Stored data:
(* Let $f:\mathbb{R}^n\to\mathbb{R}$ be a continuously differentiable convex function, and $s$ a positive integer. Let $h(x)=\sum_{i=1}^n h_i(x_i)$ with each $h_i:\mathbb{R}\to\mathbb{R}$ convex and continuously differentiable, and assume $h$ is supercoercive ($\lim_{\|x\|\to\infty}h(x)/\|x\|=\infty$). Assume $L_h h-f$ is convex for some $L_h>0$ and let $L>L_h$. Let $(x_k)$ be generated by the BPG algorithm with $h$ and $L$. Then every limit point $\bar x$ of $(x_k)$ is $L$-Bregman stationary, i.e. $$\bar x\in\operatorname*{argmin}_{y\in C_s}\ \nabla f(\bar x)^T(y-\bar x)+L D_h(y,\bar x).$$
   Context: $C_s=\{x\in\mathbb{R}^n:\|x\|_0\le s\}$ where $\|x\|_0$ is the number of nonzero entries. $D_h(y,x)=h(y)-h(x)-\nabla h(x)^T(y-x)$. BPG algorithm: start from $x_0\in C_s$ and for $k\ge0$ pick $x_{k+1}\in\operatorname{argmin}_{x\in C_s}\ \nabla f(x_k)^T(x-x_k)+LD_h(x,x_k)$. *)

From HB Require Import structures.
From mathcomp Require Import all_boot all_order all_algebra.
From mathcomp Require Import all_classical all_reals all_analysis.
Set Implicit Arguments. Unset Strict Implicit. Unset Printing Implicit Defensive.
Import Order.TTheory GRing.Theory Num.Theory.
Import numFieldNormedType.Exports.
Local Open Scope ring_scope.
Local Open Scope classical_set_scope.

Section Defs.
Context {R : realType} {n : nat}.
Local Notation V := 'rV[R]_n.

Definition Pconvex_fun (f : V -> R) : Prop :=
  forall (x y : V) (t : R), 0 <= t -> t <= 1 ->
    f (t *: x + (1 - t) *: y) <= t * f x + (1 - t) * f y.

Definition Pconvex_fun1 (g : R -> R) : Prop :=
  forall (x y t : R), 0 <= t -> t <= 1 ->
    g (t * x + (1 - t) * y) <= t * g x + (1 - t) * g y.

(* continuously differentiable on R^n: differentiable everywhere and every
   directional derivative x |-> Df(x) v (i.e. each partial derivative) is continuous *)
Definition PC1 (f : V -> R) : Prop :=
  (forall x : V, differentiable f x) /\
  (forall v : V, continuous (fun x : V => ('d f x : V -> R) v)).

Definition PC1_1 (g : R -> R) : Prop :=
  (forall x : R, derivable g x 1) /\ continuous (g^`()).

Definition Pl0norm (x : V) : nat := #|[set i : 'I_n | x ord0 i != 0%R]|.

Definition PCs (s : nat) : set V := [set x | (Pl0norm x <= s)%N].

(* gradient pairing  grad f(x)^T v  :=  Df(x) v *)
Definition PgradT (f : V -> R) (x v : V) : R := ('d f x : V -> R) v.

Definition PDh (h : V -> R) (y x : V) : R := h y - h x - PgradT h x (y - x).

Definition Pis_argmin (C : set V) (phi : V -> R) (z : V) : Prop :=
  C z /\ forall y, C y -> phi z <= phi y.

Definition bpg_obj (f h : V -> R) (L : R) (xk : V) (y : V) : R :=
  PgradT f xk (y - xk) + L * PDh h y xk.

Definition bpg_seq (f h : V -> R) (L : R) (s : nat) (x : nat -> V) : Prop :=
  PCs s (x 0%N) /\ forall k, Pis_argmin (PCs s) (bpg_obj f h L (x k)) (x k.+1).

Definition Psupercoercive (h : V -> R) : Prop :=
  forall M : R, exists r : R, forall x : V, r < `|x| -> M < h x / `|x|.

Definition Plimit_point (x : nat -> V) (xbar : V) : Prop :=
  exists phi : nat -> nat, (forall k, (phi k < phi k.+1)%N) /\
    (x \o phi) @ \oo --> xbar.

End Defs.

From HB Require Import structures.
From mathcomp Require Import all_boot all_order all_algebra.
From mathcomp Require Import all_classical all_reals all_analysis.
From mathcomp Require Import ring lra.
Import Order.TTheory GRing.Theory Num.Theory.
Import numFieldNormedType.Exports.
Local Open Scope ring_scope.
Local Open Scope classical_set_scope.

(* Convexity of Lh h - f gives the descent inequality
     f y <= f x + <grad f x, y - x> + Lh D_h(y, x),
   and D_h >= 0 by convexity of h.  Since x_{k+1} minimises the BPG objective
   over C_s and L >= Lh, this yields f x_{k+1} - f x_k <= obj_{x_k}(y) for
   every y in C_s; taking y = x_k shows that f x_k is nonincreasing, so
   f xbar <= f x_k for all k.  Along a subsequence x_{phi k} --> xbar the
   lower bound f xbar - f x_{phi k} tends to 0 while obj_{x_{phi k}}(y) tends
   to obj_xbar(y) (f and h are C^1), hence obj_xbar(y) >= 0 = obj_xbar(xbar);
   finally xbar lies in C_s because C_s is closed. *)

Section DiffSum.
Context {R : numFieldType} {U W : normedModType R} {I : Type}.
Variables (F : I -> U -> W) (x : U).
Hypothesis dF : forall i, differentiable (F i) x.

Lemma differentiable_sum (r : seq I) :
  differentiable (fun y => \sum_(i <- r) F i y) x.
Proof.
elim: r => [|i r IH]; first by under eq_fun do rewrite big_nil; exact: differentiable_cst.
by under eq_fun do rewrite big_cons; exact: differentiableD.
Qed.

Lemma diff_sum (r : seq I) (v : U) :
  'd (fun y => \sum_(i <- r) F i y) x v = \sum_(i <- r) 'd (F i) x v.
Proof.
elim: r => [|i r IH]; first by under eq_fun do rewrite big_nil; rewrite big_nil diff_cst.
under eq_fun do rewrite big_cons.
have -> : (fun y => F i y + \sum_(j <- r) F j y) = F i + (fun y => \sum_(j <- r) F j y) by [].
rewrite diffD //; last exact: differentiable_sum.
by rewrite big_cons [LHS]/= IH.
Qed.
End DiffSum.

Definition rV_coord {R : numFieldType} {n : nat} (i : 'I_n) (y : 'rV[R]_n) : R :=
  y ord0 i.

Lemma rV_coord_is_linear {R : numFieldType} {n : nat} (i : 'I_n) :
  linear (@rV_coord R n i).
Proof. by move=> a y z; rewrite /rV_coord !mxE. Qed.

HB.instance Definition _ {R : numFieldType} {n : nat} (i : 'I_n) :=
  GRing.isLinear.Build R 'rV[R]_n R *:%R (@rV_coord R n i) (rV_coord_is_linear i).

Lemma continuous_sum_mul {R : numFieldType} {T : topologicalType} {I : Type}
    (r : seq I) (F G : I -> T -> R) :
  (forall i, continuous (F i)) -> (forall i, continuous (G i)) ->
  continuous (fun z => \sum_(i <- r) F i z * G i z).
Proof.
move=> cF cG z; apply: (@cvg_big _ _ +%R 0 xpredT add_continuous) => // i _.
exact: cvgM (cF i z) (cG i z).
Qed.

Section ConvexGradient.
Context {R : realType} {n : nat}.
Local Notation V := 'rV[R]_n.

Lemma convex_gradT_le (g : V -> R) (x y : V) :
  Pconvex_fun g -> differentiable g x -> PgradT g x (y - x) <= g y - g x.
Proof.
move=> gconv dg; set v := y - x.
have quot_cvg : (fun t : R => t^-1 *: ((g \o shift x) (t *: v) - g x))
    @ (0 : R)^'+ --> PgradT g x v.
  by apply: cvg_dnbhs_at_right; rewrite /PgradT -deriveE //; exact: diff_derivable.
apply: (ler_cvg_to quot_cvg (cvg_cst (g y - g x))).
near=> t.
have t_gt0 : 0 < t by near: t; exact: nbhs_right_gt.
have t_le1 : t <= 1 by near: t; apply: nbhs_right_le; exact: ltr01.
have := gconv y x t (ltW t_gt0) t_le1.
have -> : t *: y + (1 - t) *: x = t *: v + x.
  by rewrite /v scalerBr scalerBl scale1r addrA addrAC.
rewrite /= /shift -[t^-1 *: _]/(t^-1 * _) ler_pdivrMl //; lra.
Unshelve. all: by end_near.
Qed.

Lemma PDh_ge0 (h : V -> R) (x y : V) :
  Pconvex_fun h -> differentiable h x -> 0 <= PDh h y x.
Proof. by move=> hconv dh; rewrite /PDh subr_ge0 convex_gradT_le. Qed.

Lemma PgradT_affine (f h : V -> R) (c : R) (x v : V) :
  differentiable f x -> differentiable h x ->
  differentiable (fun y => c * h y - f y) x /\
  PgradT (fun y => c * h y - f y) x v = c * PgradT h x v - PgradT f x v.
Proof.
move=> df dh; have -> : (fun y => c * h y - f y) = c *: h - f by [].
have dch : differentiable (c *: h) x by exact: differentiableZ.
split; first exact: differentiableB.
by rewrite /PgradT (diffB dch df) (diffZ _ dh) [LHS]/=.
Qed.

Lemma descent_lemma (f h : V -> R) (Lh : R) (x y : V) :
  differentiable f x -> differentiable h x ->
  Pconvex_fun (fun y => Lh * h y - f y) ->
  f y <= f x + PgradT f x (y - x) + Lh * PDh h y x.
Proof.
move=> df dh gconv; have [dg dgE] := PgradT_affine _ _ Lh _ (y - x) df dh.
have := convex_gradT_le _ _ y gconv dg; rewrite dgE /PDh /=.
move: (PgradT h x _) (PgradT f x _) => dh_yx df_yx gap_ge.
have -> : f x + df_yx + Lh * (h y - h x - dh_yx) =
    f y + (Lh * h y - f y - (Lh * h x - f x) - (Lh * dh_yx - df_yx)) by ring.
by rewrite lerDl subr_ge0.
Qed.

Lemma bpg_obj_id (f h : V -> R) (L : R) (x : V) : bpg_obj f h L x x = 0.
Proof. by rewrite /bpg_obj /PDh /PgradT subrr !linear0 subrr !add0r mulr0. Qed.

End ConvexGradient.

Section SparsitySet.
Context {R : realType} {n : nat}.
Local Notation V := 'rV[R]_n.

Lemma Pl0norm_near_ge (x : V) : \forall y \near x, (Pl0norm x <= Pl0norm y)%N.
Proof.
have supp_near i : \forall y \near x, x ord0 i != 0 -> (y : V) ord0 i != 0.
  have [xi0|xi0] := eqVneq (x ord0 i) 0.
    exact: filterE.
  near=> y => _; near: y.
  exact: cvgr_neq0 _ (@coord_continuous R 1 n ord0 i x) xi0.
near=> y.
have supp_y : forall i, x ord0 i != 0 -> y ord0 i != 0.
  by near: y; exact: filter_forall supp_near.
apply: subset_leq_card; apply/fintype.subsetP => i; rewrite !inE; exact: supp_y.
Unshelve. all: by end_near.
Qed.

Lemma closed_PCs (s : nat) : closed (@PCs R n s).
Proof.
move=> x /(_ _ (Pl0norm_near_ge x)) [y [Cy le_xy]].
exact: leq_trans le_xy Cy.
Qed.

End SparsitySet.

Section SeparableKernel.
Context {R : realType} {n : nat}.
Local Notation V := 'rV[R]_n.
Context {hi : 'I_n -> R -> R} {h : V -> R}.
Hypothesis hE : forall y : V, h y = \sum_(i < n) hi i (y ord0 i).

Lemma separable_convex : (forall i, Pconvex_fun1 (hi i)) -> Pconvex_fun h.
Proof.
move=> hi_convex y z t t0 t1; rewrite !hE !mulr_sumr -big_split /=.
by apply: ler_sum => i _; rewrite !mxE; exact: hi_convex.
Qed.

Hypothesis hi_C1 : forall i, PC1_1 (hi i).

Let hE_coord : h = fun y => \sum_(i < n) (hi i \o rV_coord i) y.
Proof. exact/funext/hE. Qed.

Let differentiable_hi i (t : R) : differentiable (hi i) t.
Proof. by apply/derivable1_diffP; case: (hi_C1 i). Qed.

Let differentiable_coord i (x : V) : differentiable (rV_coord i) x.
Proof. exact/linear_differentiable/coord_continuous. Qed.

Let differentiable_hi_coord i (x : V) : differentiable (hi i \o rV_coord i) x.
Proof. exact: differentiable_comp (differentiable_coord i x) (differentiable_hi i _). Qed.

Lemma differentiable_separable (x : V) : differentiable h x.
Proof. by rewrite hE_coord; apply: differentiable_sum => i; exact: differentiable_hi_coord. Qed.

Lemma PgradT_separable (x v : V) :
  PgradT h x v = \sum_(i < n) v ord0 i * derive1 (hi i) (x ord0 i).
Proof.
rewrite /PgradT hE_coord diff_sum => [|i]; last exact: differentiable_hi_coord.
apply: eq_bigr => i _.
rewrite (diff_comp (differentiable_coord i x) (differentiable_hi i _)) /=.
by rewrite diff_lin ?diff1E //; exact: coord_continuous.
Qed.

Lemma PC1_separable : PC1 h.
Proof.
split=> [|v]; first exact: differentiable_separable.
have -> : (fun x => ('d h x : V -> R) v) =
    fun x => \sum_(i < n) v ord0 i * derive1 (hi i) (x ord0 i).
  by apply/funext => x; exact: PgradT_separable.
apply: (@continuous_sum_mul _ _ _ _ (fun i _ => v ord0 i)
                                  (fun i => derive1 (hi i) \o rV_coord i)) => i.
  exact: cst_continuous.
move=> x; apply: continuous_comp; first exact: coord_continuous.
by case: (hi_C1 i) => _; apply.
Qed.

End SeparableKernel.

Section ObjectiveContinuity.
Context {R : realType} {n : nat}.
Local Notation V := 'rV[R]_n.

Lemma PgradT_coordE (g : V -> R) (x v : V) :
  PgradT g x v = \sum_j v ord0 j * PgradT g x (delta_mx 0 j).
Proof.
rewrite /PgradT {1}(row_sum_delta v) linear_sum; apply: eq_bigr => j _.
by rewrite linearZ.
Qed.

Lemma continuous_PgradT_sub (g : V -> R) (y : V) :
  PC1 g -> continuous (fun z => PgradT g z (y - z)).
Proof.
move=> [_ dg_cont].
have -> : (fun z => PgradT g z (y - z)) =
    fun z => \sum_j (y ord0 j - z ord0 j) * PgradT g z (delta_mx 0 j).
  by apply/funext => z; rewrite PgradT_coordE; apply: eq_bigr => j _; rewrite !mxE.
apply: (@continuous_sum_mul _ _ _ _ (fun j (z : V) => y ord0 j - z ord0 j)
                                  (fun j z => PgradT g z (delta_mx 0 j))) => j.
  by move=> z; apply: continuousB; [exact: cst_continuous | exact: coord_continuous].
exact: dg_cont.
Qed.

Lemma continuous_bpg_obj (f h : V -> R) (L : R) (y : V) :
  PC1 f -> PC1 h -> continuous (fun z => bpg_obj f h L z y).
Proof.
move=> f_C1 h_C1 z.
(* [apply: cvgD] unfolds the neighbourhood filter of matrices, so its
   [Filter] instance has to be provided as a hypothesis. *)
have zF : Filter (nbhs z) by exact: nbhs_filter.
apply: cvgD; first exact: continuous_PgradT_sub.
apply: cvgM; first exact: cvg_cst.
apply: cvgB; last exact: continuous_PgradT_sub.
by apply: cvgB; [exact: cvg_cst | exact/differentiable_continuous/h_C1.1].
Qed.

End ObjectiveContinuity.

Lemma nonincreasing_subseq_cvg_le {R : realType} {u : nat -> R}
    {phi : nat -> nat} {l : R} :
  nonincreasing_seq u -> (forall k, phi k < phi k.+1)%N ->
  (u \o phi) @ \oo --> l -> forall j, l <= u j.
Proof.
move=> u_noninc phi_incr u_phi_cvg j.
have phi_ge k : (k <= phi k)%N.
  by elim: k => // k IH; exact: leq_ltn_trans IH (phi_incr k).
apply: (ler_cvg_to u_phi_cvg (cvg_cst (u j))).
by exists j => // k /= jk; apply: u_noninc; exact: leq_trans jk (phi_ge k).
Qed.

Section BPGIterates.
Context {R : realType} {n : nat}.
Local Notation V := 'rV[R]_n.
Context {f h : V -> R} {Lh L : R} {s : nat} {x : nat -> V}.
Hypotheses (f_C1 : PC1 f) (h_C1 : PC1 h) (h_convex : Pconvex_fun h).
Hypotheses (Lh_h_sub_f_convex : Pconvex_fun (fun y => Lh * h y - f y)) (Lh_le_L : Lh <= L).
Hypothesis x_bpg : bpg_seq f h L s x.

Lemma bpg_seq_Cs k : PCs s (x k).
Proof. by case: k => [|k]; [exact: x_bpg.1 | exact: (x_bpg.2 k).1]. Qed.

Lemma bpg_value_decrease_le k y :
  PCs s y -> f (x k.+1) - f (x k) <= bpg_obj f h L (x k) y.
Proof.
move=> Cy; have := (x_bpg.2 k).2 y Cy.
have := descent_lemma _ _ _ _ (x k.+1) (f_C1.1 (x k)) (h_C1.1 _) Lh_h_sub_f_convex.
have : 0 <= (L - Lh) * PDh h (x k.+1) (x k).
  by apply: mulr_ge0; [rewrite subr_ge0 | exact: PDh_ge0 _ _ _ h_convex (h_C1.1 _)].
rewrite /bpg_obj; lra.
Qed.

Lemma bpg_nonincreasing : nonincreasing_seq (f \o x).
Proof.
apply/nonincreasing_seqP => k /=.
by have := bpg_value_decrease_le k (x k) (bpg_seq_Cs k); rewrite bpg_obj_id subr_le0.
Qed.

Lemma bpg_limit_point_stationary (xbar : V) :
  Plimit_point x xbar -> Pis_argmin (PCs s) (bpg_obj f h L xbar) xbar.
Proof.
move=> [phi [phi_incr x_phi_cvg]].
have f_cont : continuous f by move=> z; exact/differentiable_continuous/f_C1.1.
have f_phi_cvg := cvg_comp _ _ x_phi_cvg (f_cont xbar).
have f_xbar_le := nonincreasing_subseq_cvg_le bpg_nonincreasing phi_incr f_phi_cvg.
split=> [|y Cy].
  apply: (closed_cvg _ (closed_PCs s) _ _ x_phi_cvg).
  by apply: nearW => k; exact: bpg_seq_Cs.
rewrite bpg_obj_id.
have gap_cvg : (fun k => f xbar - f (x (phi k))) @ \oo --> 0.
  by rewrite -(subrr (f xbar)); apply: cvgB; [exact: cvg_cst | exact: f_phi_cvg].
have obj_cvg := cvg_comp _ _ x_phi_cvg (continuous_bpg_obj f h L y f_C1 h_C1 xbar).
apply: (ler_cvg_to gap_cvg obj_cvg); apply: nearW => k /=.
have /= := f_xbar_le (phi k).+1; have := bpg_value_decrease_le (phi k) y Cy; lra.
Qed.

End BPGIterates.

Theorem theoremA3 (R : realType) (n s : nat) (f : 'rV[R]_n -> R)
  (hi : 'I_n -> R -> R) (h : 'rV[R]_n -> R) (Lh L : R) (x : nat -> 'rV[R]_n) :
  PC1 f -> Pconvex_fun f -> (0 < s)%N ->
  (forall i, Pconvex_fun1 (hi i)) -> (forall i, PC1_1 (hi i)) ->
  (forall y : 'rV[R]_n, h y = \sum_(i < n) hi i (y ord0 i)) ->
  Psupercoercive h ->
  0 < Lh -> Pconvex_fun (fun y => Lh * h y - f y) -> Lh < L ->
  bpg_seq f h L s x ->
  forall xbar : 'rV[R]_n, Plimit_point x xbar ->
    Pis_argmin (PCs s) (bpg_obj f h L xbar) xbar.
Proof.
move=> f_C1 _ _ hi_convex hi_C1 hE _ _ Lh_h_sub_f_convex Lh_lt_L x_bpg.
exact: bpg_limit_point_stationary f_C1 (PC1_separable hE hi_C1)
  (separable_convex hE hi_convex) Lh_h_sub_f_convex (ltW Lh_lt_L) x_bpg.
Qed.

* _Task requirements_: Set down exactly the lines that begin with the one containing "split=> [|y Cy]." and end with the last line above, and no others.

* _Response_:
split=> [|y Cy].
  apply: (closed_cvg _ (closed_PCs s) _ _ x_phi_cvg).
  by apply: nearW => k; exact: bpg_seq_Cs.
rewrite bpg_obj_id.
have gap_cvg : (fun k => f xbar - f (x (phi k))) @ \oo --> 0.
  by rewrite -(subrr (f xbar)); apply: cvgB; [exact: cvg_cst | exact: f_phi_cvg].
have obj_cvg := cvg_comp _ _ x_phi_cvg (continuous_bpg_obj f h L y f_C1 h_C1 xbar).
apply: (ler_cvg_to gap_cvg obj_cvg); apply: nearW => k /=.
have /= := f_xbar_le (phi k).+1; have := bpg_value_decrease_le (phi k) y Cy; lra.
Qed.

End BPGIterates.

Theorem theoremA3 (R : realType) (n s : nat) (f : 'rV[R]_n -> R)
  (hi : 'I_n -> R -> R) (h : 'rV[R]_n -> R) (Lh L : R) (x : nat -> 'rV[R]_n) :
  PC1 f -> Pconvex_fun f -> (0 < s)%N ->
  (forall i, Pconvex_fun1 (hi i)) -> (forall i, PC1_1 (hi i)) ->
  (forall y : 'rV[R]_n, h y = \sum_(i < n) hi i (y ord0 i)) ->
  Psupercoercive h ->
  0 < Lh -> Pconvex_fun (fun y => Lh * h y - f y) -> Lh < L ->
  bpg_seq f h L s x ->
  forall xbar : 'rV[R]_n, Plimit_point x xbar ->
    Pis_argmin (PCs s) (bpg_obj f h L xbar) xbar.
Proof.
move=> f_C1 _ _ hi_convex hi_C1 hE _ _ Lh_h_sub_f_convex Lh_lt_L x_bpg.
exact: bpg_limit_point_stationary f_C1 (PC1_separable hE hi_C1)
  (separable_convex hE hi_convex) Lh_h_sub_f_convex (ltW Lh_lt_L) x_bpg.
Qed.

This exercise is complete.